I had wanted to do it this coming weekend, when my children are to be watched, and my mother–The Monster’s biggest ally–will be occupied elsewhere.
Yet I’m being encouraged to wait. And with every day’s wait, I grow more and more afraid to speak.
The holidays are coming. Holidays mean family for long visits, attention drawn in one direction while kids go in another. I think of this, and I think of the summer shindig my mother threw: everyone outside, Blondie goes in to change out of her swimsuit, I see The Monster go in after her, and I pound through another door and shout my daughter’s name.
The Monster was staring at his phone by the kitchen table. Blondie looked at me from the hallway, confused. I…I had to make it sound okay, just….it’s okay, Kiddo, I just wanted to make sure I knew where you were…and I could see he wasn’t near her, but–
Why did he have to go inside just to check his phone?
I think of that moment, and I think of the holidays, and lose my breathe to fear. I do not see how others can tell me to wait.

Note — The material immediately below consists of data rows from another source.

(* Let $G$ be a groupoid (a small category in which every morphism is an isomorphism) and let $X$ be a set equipped with a partial function ${\rm mor}(G)\times X\to X$, $(g,x)\mapsto g\cdot x$ where defined. Then this is a partial category action, i.e. satisfies (C1)–(C3) below, if and only if it is a partial groupoid action, i.e. satisfies (GR1)–(GR3) below.
   Context: Conventions: objects are identified with their identity morphisms, so ${\rm ob}(G)\subseteq{\rm mor}(G)$; $d(g), c(g)$ are domain and codomain, $G^2=\{(g,h)\mid d(g)=c(h)\}$, and $g^{-1}$ is the inverse of $g$. Axioms: (C1) = (GR1): for every $x\in X$ there is $e\in{\rm ob}(G)$ with $e\cdot x$ defined, and whenever $f\in{\rm ob}(G)$ and $f\cdot x$ is defined, $f\cdot x = x$. (C2): if $g\cdot x$ is defined then $d(g)\cdot x$ is defined. (C3): if $(g,h)\in G^2$ and $h\cdot x$ is defined, then $(gh)\cdot x$ is defined iff $g\cdot(h\cdot x)$ is defined, and then they are equal. (GR2): if $g\cdot x$ is defined then $g^{-1}\cdot(g\cdot x)$ is defined and equals $x$. (GR3): if $(g,h)\in G^2$ and $g\cdot(h\cdot x)$ is defined, then $(gh)\cdot x$ is defined and equals $g\cdot(h\cdot x)$. *)

(* A (small) groupoid, given by its set of morphisms [mor]; objects are
   identified with their identity morphisms, so ob(G) is the set of
   morphisms [e] with [dom e = e].  Composition [comp g h] (= g h, "first h
   then g") is a total function but is only meaningful (and only constrained
   by the axioms) when [dom g = cod h]. *)
Record Groupoid := {
  mor :> Type;
  dom : mor -> mor;
  cod : mor -> mor;
  comp : mor -> mor -> mor;
  inv : mor -> mor;
  dom_dom : forall g, dom (dom g) = dom g;
  cod_dom : forall g, cod (dom g) = dom g;
  dom_cod : forall g, dom (cod g) = cod g;
  cod_cod : forall g, cod (cod g) = cod g;
  dom_comp : forall g h, dom g = cod h -> dom (comp g h) = dom h;
  cod_comp : forall g h, dom g = cod h -> cod (comp g h) = cod g;
  comp_assoc : forall g h k, dom g = cod h -> dom h = cod k ->
      comp g (comp h k) = comp (comp g h) k;
  comp_dom : forall g, comp g (dom g) = g;
  cod_comp_id : forall g, comp (cod g) g = g;
  dom_inv : forall g, dom (inv g) = cod g;
  cod_inv : forall g, cod (inv g) = dom g;
  comp_inv_r : forall g, comp g (inv g) = cod g;
  comp_inv_l : forall g, comp (inv g) g = dom g
}.

Arguments dom {g0} _.
Arguments cod {g0} _.
Arguments comp {g0} _ _.
Arguments inv {g0} _.

Definition is_ob {G : Groupoid} (e : G) : Prop := dom e = e.

Definition partial_act (G : Groupoid) (X : Type) := G -> X -> option X.

Definition defined {G : Groupoid} {X : Type} (a : partial_act G X)
  (g : G) (x : X) : Prop := exists y, a g x = Some y.

(* (C1) = (GR1) *)
Definition ax_C1 {G : Groupoid} {X : Type} (a : partial_act G X) : Prop :=
  forall x : X,
    (exists e : G, is_ob e /\ defined a e x) /\
    (forall f : G, is_ob f -> defined a f x -> a f x = Some x).

Definition ax_C2 {G : Groupoid} {X : Type} (a : partial_act G X) : Prop :=
  forall (g : G) (x : X), defined a g x -> defined a (dom g) x.

Definition ax_C3 {G : Groupoid} {X : Type} (a : partial_act G X) : Prop :=
  forall (g h : G) (x y : X), dom g = cod h -> a h x = Some y ->
    (defined a (comp g h) x <-> defined a g y) /\
    (defined a g y -> a (comp g h) x = a g y).

Definition ax_GR2 {G : Groupoid} {X : Type} (a : partial_act G X) : Prop :=
  forall (g : G) (x y : X), a g x = Some y -> a (inv g) y = Some x.

Definition ax_GR3 {G : Groupoid} {X : Type} (a : partial_act G X) : Prop :=
  forall (g h : G) (x y z : X), dom g = cod h -> a h x = Some y ->
    a g y = Some z -> a (comp g h) x = Some z.

Definition partial_category_action {G : Groupoid} {X : Type}
  (a : partial_act G X) : Prop := ax_C1 a /\ ax_C2 a /\ ax_C3 a.

Definition partial_groupoid_action {G : Groupoid} {X : Type}
  (a : partial_act G X) : Prop := ax_C1 a /\ ax_GR2 a /\ ax_GR3 a.


(* (C3) applied to [g^-1] and [g] says that [g^-1] acts on [g x] exactly when
   [dom g = g^-1 g] acts on [x], which it does by (C2), fixing [x] by (C1);
   this gives (GR2), and (GR3) is the easy half of (C3).  Conversely [dom g = g^-1 g]
   turns (GR3) into (C2), and the missing half of (C3) comes from writing
   [g = (g h) h^-1] and acting first by [h^-1] on [h x]. *)

Lemma comp_inv_cancel_r (G : Groupoid) (g h : G) :
  dom g = cod h -> comp (comp g h) (inv h) = g.
Proof.
  intros Hgh.
  rewrite <- comp_assoc by (rewrite ?cod_inv; auto).
  now rewrite comp_inv_r, <- Hgh, comp_dom.
Qed.

Section PartialActions.

Variables (G : Groupoid) (X : Type) (a : partial_act G X).

Lemma ax_GR2_of_category_action :
  ax_C1 a -> ax_C2 a -> ax_C3 a -> ax_GR2 a.
Proof.
  intros C1 C2 C3 g x y Hgx.
  assert (Hdom_def : defined a (dom g) x) by (apply C2; exists y; exact Hgx).
  assert (Hdom_fix : a (dom g) x = Some x)
    by (apply (proj2 (C1 x)); [apply dom_dom | exact Hdom_def]).
  destruct (C3 (inv g) g x y (dom_inv G g) Hgx) as [Hdef Hval].
  rewrite comp_inv_l in Hdef, Hval.
  rewrite <- Hval by (apply Hdef; exact Hdom_def).
  exact Hdom_fix.
Qed.

Lemma ax_GR3_of_C3 : ax_C3 a -> ax_GR3 a.
Proof.
  intros C3 g h x y z Hgh Hhx Hgy.
  destruct (C3 g h x y Hgh Hhx) as [_ Hval].
  rewrite Hval by (exists z; exact Hgy).
  exact Hgy.
Qed.

Lemma ax_C2_of_groupoid_action : ax_GR2 a -> ax_GR3 a -> ax_C2 a.
Proof.
  intros GR2 GR3 g x [y Hgx].
  exists x.
  rewrite <- comp_inv_l.
  exact (GR3 (inv g) g x y x (dom_inv G g) Hgx (GR2 _ _ _ Hgx)).
Qed.

Lemma ax_C3_of_groupoid_action : ax_GR2 a -> ax_GR3 a -> ax_C3 a.
Proof.
  intros GR2 GR3 g h x y Hgh Hhx.
  split; [split |].
  - intros [w Hghx].
    exists w.
    assert (Hdom : dom (comp g h) = cod (inv h))
      by (rewrite dom_comp, cod_inv; auto).
    rewrite <- (comp_inv_cancel_r G g h Hgh).
    exact (GR3 _ _ _ _ _ Hdom (GR2 _ _ _ Hhx) Hghx).
  - intros [z Hgy]. exists z. exact (GR3 g h x y z Hgh Hhx Hgy).
  - intros [z Hgy]. rewrite Hgy. exact (GR3 g h x y z Hgh Hhx Hgy).
Qed.

End PartialActions.

Theorem proposition4p2 (G : Groupoid) (X : Type) (a : partial_act G X) :
  partial_category_action a <-> partial_groupoid_action a.
Proof.
  split.
  - intros (C1 & C2 & C3).
    split; [exact C1 | split].
    + exact (ax_GR2_of_category_action G X a C1 C2 C3).
    + exact (ax_GR3_of_C3 G X a C3).
  - intros (C1 & GR2 & GR3).
    split; [exact C1 | split].
    + exact (ax_C2_of_groupoid_action G X a GR2 GR3).
    + exact (ax_C3_of_groupoid_action G X a GR2 GR3).
Qed.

Because this isn’t about me. I can’t alter the past, but I can prevent its recurrence. All it takes is the voice which crawled into the back of my throat time after time let’s play a game to come back to my lips, to look into the eyes doesn’t that feel good? and push back the hands this is what families do for each other
The voice that failed then. That fails now.
This failure has to stop.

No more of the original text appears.